• [TASK OBJECTIVE] Please reproduce exactly the lines that begin the listing below, up to and including the line where "have eq_r1 : pc_eq e r1 ((a :: r) ++ [:: L])." occurs.

• [RECORDED INFORMATION]

● ● ● ● ●

Lemma reduced_commute_gen y n r : size r <= n -> reduced r ->
  pc_commute r [:: (y, true)] ->
  exists2 w, pc_eq e r w & all (fun l => star y l.1) w.
Proof.
elim: n r => [|n IH] r.
  by rewrite leqn0 => /nilP -> _ _; exists [::]; [apply: pc_eq_refl|].
case: r => [|a r] size_r red_ar com; first by exists [::]; [apply: pc_eq_refl|].
rewrite /= ltnS in size_r.
case: (boolP (star y a.1)) => [star_a|not_star].
  have com_r : pc_commute r [:: (y, true)].
    apply: pc_commute_eql (pc_eq_cancel_inv a r) _.
    exact: pc_commute_catl (@pc_commute_letters (inv_letter a) (y, true) star_a) com.
  have [w eq_rw star_w] := IH r size_r (reduced_catr (x := [:: a]) red_ar) com_r.
  by exists (a :: w); [apply: pc_eq_cons | rewrite /= star_a].
set L := (y, true).
have not_red : ~~ reduced ((a :: r) ++ [:: L]).
  apply: contraNN not_star => red_arL.
  exact: reduced_commute_gen_star red_ar red_arL com.
have [p [q [eq_ar all_q]]] := not_reduced_rcons red_ar not_red.
set r1 := p ++ q.
have red_r1 : reduced r1.
  by apply: (@reduced_delete _ (inv_letter L)); rewrite -?eq_ar // all_q orbT.
have size_r1 : size r1 <= n.
  by move/(f_equal size): eq_ar; rewrite /= !size_cat /= addnS => [[<-]].
have eq_ar_r1 : pc_eq e (a :: r) (r1 ++ [:: inv_letter L]).
  rewrite eq_ar /r1 -catA; apply/pc_eq_catl/shuffle_pc_eq.
  by have := shuffle_move [::] all_q; rewrite cats0.
have eq_r1 : pc_eq e r1 ((a :: r) ++ [:: L]).
  apply: pc_eq_sym; apply: pc_eq_trans (pc_eq_catr _ eq_ar_r1) _.
  by rewrite -catA; have := pc_eq_catl r1 (pc_eq_cancel_inv L [::]); rewrite cats0.
have com_r1 : pc_commute r1 [:: L].
  apply: pc_commute_eql (pc_eq_sym eq_r1) (pc_commute_catl com _).
  exact: pc_eq_refl.
have [w eq_r1w star_w] := IH r1 size_r1 red_r1 com_r1.
exists (w ++ [:: inv_letter L]); last by rewrite all_cat star_w /= /star eqxx.
exact: pc_eq_trans eq_ar_r1 (pc_eq_catr _ eq_r1w).
Qed.

Lemma pc_commute_gen_star y g : pc_commute g [:: (y, true)] ->
  exists2 w, pc_eq e g w & all (fun l => star y l.1) w.
Proof.
move=> com; have eq_g := reduceE g.
have com_red := pc_commute_eql (pc_eq_sym eq_g) com.
have [w eq_w star_w] := reduced_commute_gen (leqnn _) (reduce_reduced g) com_red.
by exists w => //; apply: pc_eq_trans (pc_eq_sym eq_g) eq_w.
Qed.

(** Erasing the letters outside [A] is the retraction of [G] onto the
    subgroup generated by [A]: each defining relation either survives the
    erasure or becomes trivial. *)
Definition restrict (A : pred T) (w : word) : word := [seq l <- w | A l.1].

Lemma restrict_pc_eq A w w' :
  pc_eq e w w' -> pc_eq e (restrict A w) (restrict A w').
Proof.
elim=> [x y step_xy|w0|x y _ IH|x y z _ IH1 _ IH2].
- case: step_xy => [u v x0 b|u v a c adj_ac]; rewrite /restrict !filter_cat /=.
    by case: (A x0); [apply/pc_eq_step/pc_red | apply: pc_eq_refl].
  case: (A a.1); case: (A c.1); try exact: pc_eq_refl.
  exact/pc_eq_step/pc_comm.
- exact: pc_eq_refl.
- exact: pc_eq_sym.
- exact: pc_eq_trans IH2.
Qed.

Lemma restrict_id (A : pred T) w : all (fun l => A l.1) w -> restrict A w = w.
Proof. exact/all_filterP. Qed.

Lemma pc_eq_words_on_meet (A B : pred T) g w1 w2 :
  pc_eq e g w1 -> all (fun l => A l.1) w1 ->
  pc_eq e g w2 -> all (fun l => B l.1) w2 ->
  exists2 w, pc_eq e g w & all (fun l => A l.1 && B l.1) w.
Proof.
move=> eq_w1 A_w1 eq_w2 B_w2; exists (restrict A w2).
  have := restrict_pc_eq A (pc_eq_trans (pc_eq_sym eq_w1) eq_w2).
  by rewrite (restrict_id A_w1); apply: pc_eq_trans eq_w1.
by apply/allP => l; rewrite mem_filter => /andP[-> /(allP B_w2)].
Qed.

Definition perp (Y : {set T}) : {set T} := [set x | all (star^~ x) (enum Y)].

Lemma perp_star Y x y : x \in perp Y -> y \in Y -> star y x.
Proof. by rewrite inE => /allP star_x Y_y; apply/star_x; rewrite mem_enum. Qed.

Lemma pc_commute_gens_perp (Y : {set T}) g :
  (forall y, y \in Y -> pc_commute g [:: (y, true)]) ->
  exists2 w, pc_eq e g w & all (fun l => l.1 \in perp Y) w.
Proof.
move=> com; suff [w eq_w perp_w] : exists2 w, pc_eq e g w &
    all (fun l => all (star^~ l.1) (enum Y)) w.
  by exists w => //; apply/allP => l /(allP perp_w); rewrite inE.
have {}com y : y \in enum Y -> pc_commute g [:: (y, true)].
  by rewrite mem_enum; apply: com.
elim: (enum Y) com => [|y s IH] com.
  by exists g; [apply: pc_eq_refl | apply/allP].
have [w1 eq_w1 star_w1] := IH (fun z s_z => com z (mem_behead (s := y :: s) s_z)).
have [w2 eq_w2 star_w2] := pc_commute_gen_star (com y (mem_head y s)).
have [w eq_w meet_w] :=
  pc_eq_words_on_meet (A := fun x => all (star^~ x) s) eq_w1 star_w1 eq_w2 star_w2.
by exists w => //; apply/allP => l /(allP meet_w) /= /andP[-> ->].
Qed.

Lemma canonP (Z : {set T}) g :
  canon e Z g <-> forall z, z \in Z -> pc_commute g [:: (z, true)].
Proof. by split=> [com z Z_z | com _ [z Z_z ->]]; apply: com => //; exists z. Qed.

Lemma pc_commute_gens_word (Z : {set T}) g w :
  canon e Z g -> all (fun l => l.1 \in Z) w -> pc_commute g w.
Proof.
move=> /canonP com /allP Z_w; apply: pc_commute_word => [[x b]] /Z_w /= /com.
by case: b => // /pc_commute_inv.
Qed.

Lemma perp_canon (Y : {set T}) x : x \in perp Y -> canon e Y [:: (x, true)].
Proof.
move=> perp_x; apply/canonP => y Y_y; apply: pc_commute_letters.
exact: perp_star perp_x Y_y.
Qed.

Lemma canon_perp_perpS (Y Z : {set T}) g : Z \subset perp (perp Y) ->
  canon e Y g -> canon e Z g.
Proof.
move=> /subsetP sub_Z /canonP com; apply/canonP => z Z_z.
have [w eq_w perp_w] := pc_commute_gens_perp com.
apply: pc_commute_eql (pc_eq_sym eq_w) _; apply: pc_commute_sym.
apply: pc_commute_word => l /(allP perp_w) perp_l; apply: pc_commute_letters.
exact: perp_star (sub_Z _ Z_z) perp_l.
Qed.

(** The generators in [perp Y] lie in [C(Y)], so they commute with [S]. *)
Lemma centraliser_canon_sup (Y : {set T}) (C S : word -> Prop) s :
    (forall g, C g <-> centraliser e S g) -> (forall g, canon e Y g -> C g) ->
  S s ->
  exists2 w, pc_eq e s w & all (fun l => l.1 \in perp (perp Y)) w.
Proof.
move=> defC sub_C S_s; apply: pc_commute_gens_perp => x perp_x.
exact/pc_commute_sym/((defC _).1 (sub_C _ (perp_canon perp_x)) s S_s).
Qed.

Lemma cmeet_canon (Y1 Y2 : {set T}) g :
  cmeet (canon e Y1) (canon e Y2) g <-> canon e (Y1 :|: Y2) g.
Proof.
rewrite /cmeet; split=> [[/canonP com1 /canonP com2] | /canonP com].
  by apply/canonP => z; rewrite inE => /orP[/com1|/com2].
by split; apply/canonP => z Y_z; apply: com; rewrite inE Y_z ?orbT.
Qed.

Lemma cjoin_canon (Y1 Y2 : {set T}) g :
  cjoin e (canon e Y1) (canon e Y2) g <->
  canon e (perp (perp Y1) :&: perp (perp Y2)) g.
Proof.
set W := perp (perp Y1) :&: perp (perp Y2); split.
  move/(_ (canon e W)); apply.
  - by exists (fun w => exists2 y, y \in W & w = [:: (y, true)]).
  - by move=> h; apply: canon_perp_perpS; rewrite subsetIl.
  - by move=> h; apply: canon_perp_perpS; rewrite subsetIr.
move=> canon_g C [S defC] sub1 sub2; apply/defC => s S_s.
have [w1 eq_w1 perp_w1] := centraliser_canon_sup defC sub1 S_s.
have [w2 eq_w2 perp_w2] := centraliser_canon_sup defC sub2 S_s.
have [w eq_w W_w] := pc_eq_words_on_meet eq_w1 perp_w1 eq_w2 perp_w2.
apply: pc_commute_eqr (pc_eq_sym eq_w) (pc_commute_gens_word canon_g _).
by apply/allP => l /(allP W_w); rewrite inE.
Qed.

End PartiallyCommutativeGroup.

Theorem lemma3p1 (T : finType) (e : rel T)
  (e_sym : symmetric e) (e_irr : irreflexive e) (Y1 Y2 : {set T}) :
  (exists Z : {set T}, forall g,
      cmeet (canon e Y1) (canon e Y2) g <-> canon e Z g) /\
  (exists Z : {set T}, forall g,
      cjoin e (canon e Y1) (canon e Y2) g <-> canon e Z g).
Proof.
split; eexists => g; [exact: cmeet_canon | exact: cjoin_canon].
Qed.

● ● ● ● ●

• [TASK ANSWER]
Lemma reduced_commute_gen y n r : size r <= n -> reduced r ->
  pc_commute r [:: (y, true)] ->
  exists2 w, pc_eq e r w & all (fun l => star y l.1) w.
Proof.
elim: n r => [|n IH] r.
  by rewrite leqn0 => /nilP -> _ _; exists [::]; [apply: pc_eq_refl|].
case: r => [|a r] size_r red_ar com; first by exists [::]; [apply: pc_eq_refl|].
rewrite /= ltnS in size_r.
case: (boolP (star y a.1)) => [star_a|not_star].
  have com_r : pc_commute r [:: (y, true)].
    apply: pc_commute_eql (pc_eq_cancel_inv a r) _.
    exact: pc_commute_catl (@pc_commute_letters (inv_letter a) (y, true) star_a) com.
  have [w eq_rw star_w] := IH r size_r (reduced_catr (x := [:: a]) red_ar) com_r.
  by exists (a :: w); [apply: pc_eq_cons | rewrite /= star_a].
set L := (y, true).
have not_red : ~~ reduced ((a :: r) ++ [:: L]).
  apply: contraNN not_star => red_arL.
  exact: reduced_commute_gen_star red_ar red_arL com.
have [p [q [eq_ar all_q]]] := not_reduced_rcons red_ar not_red.
set r1 := p ++ q.
have red_r1 : reduced r1.
  by apply: (@reduced_delete _ (inv_letter L)); rewrite -?eq_ar // all_q orbT.
have size_r1 : size r1 <= n.
  by move/(f_equal size): eq_ar; rewrite /= !size_cat /= addnS => [[<-]].
have eq_ar_r1 : pc_eq e (a :: r) (r1 ++ [:: inv_letter L]).
  rewrite eq_ar /r1 -catA; apply/pc_eq_catl/shuffle_pc_eq.
  by have := shuffle_move [::] all_q; rewrite cats0.
have eq_r1 : pc_eq e r1 ((a :: r) ++ [:: L]).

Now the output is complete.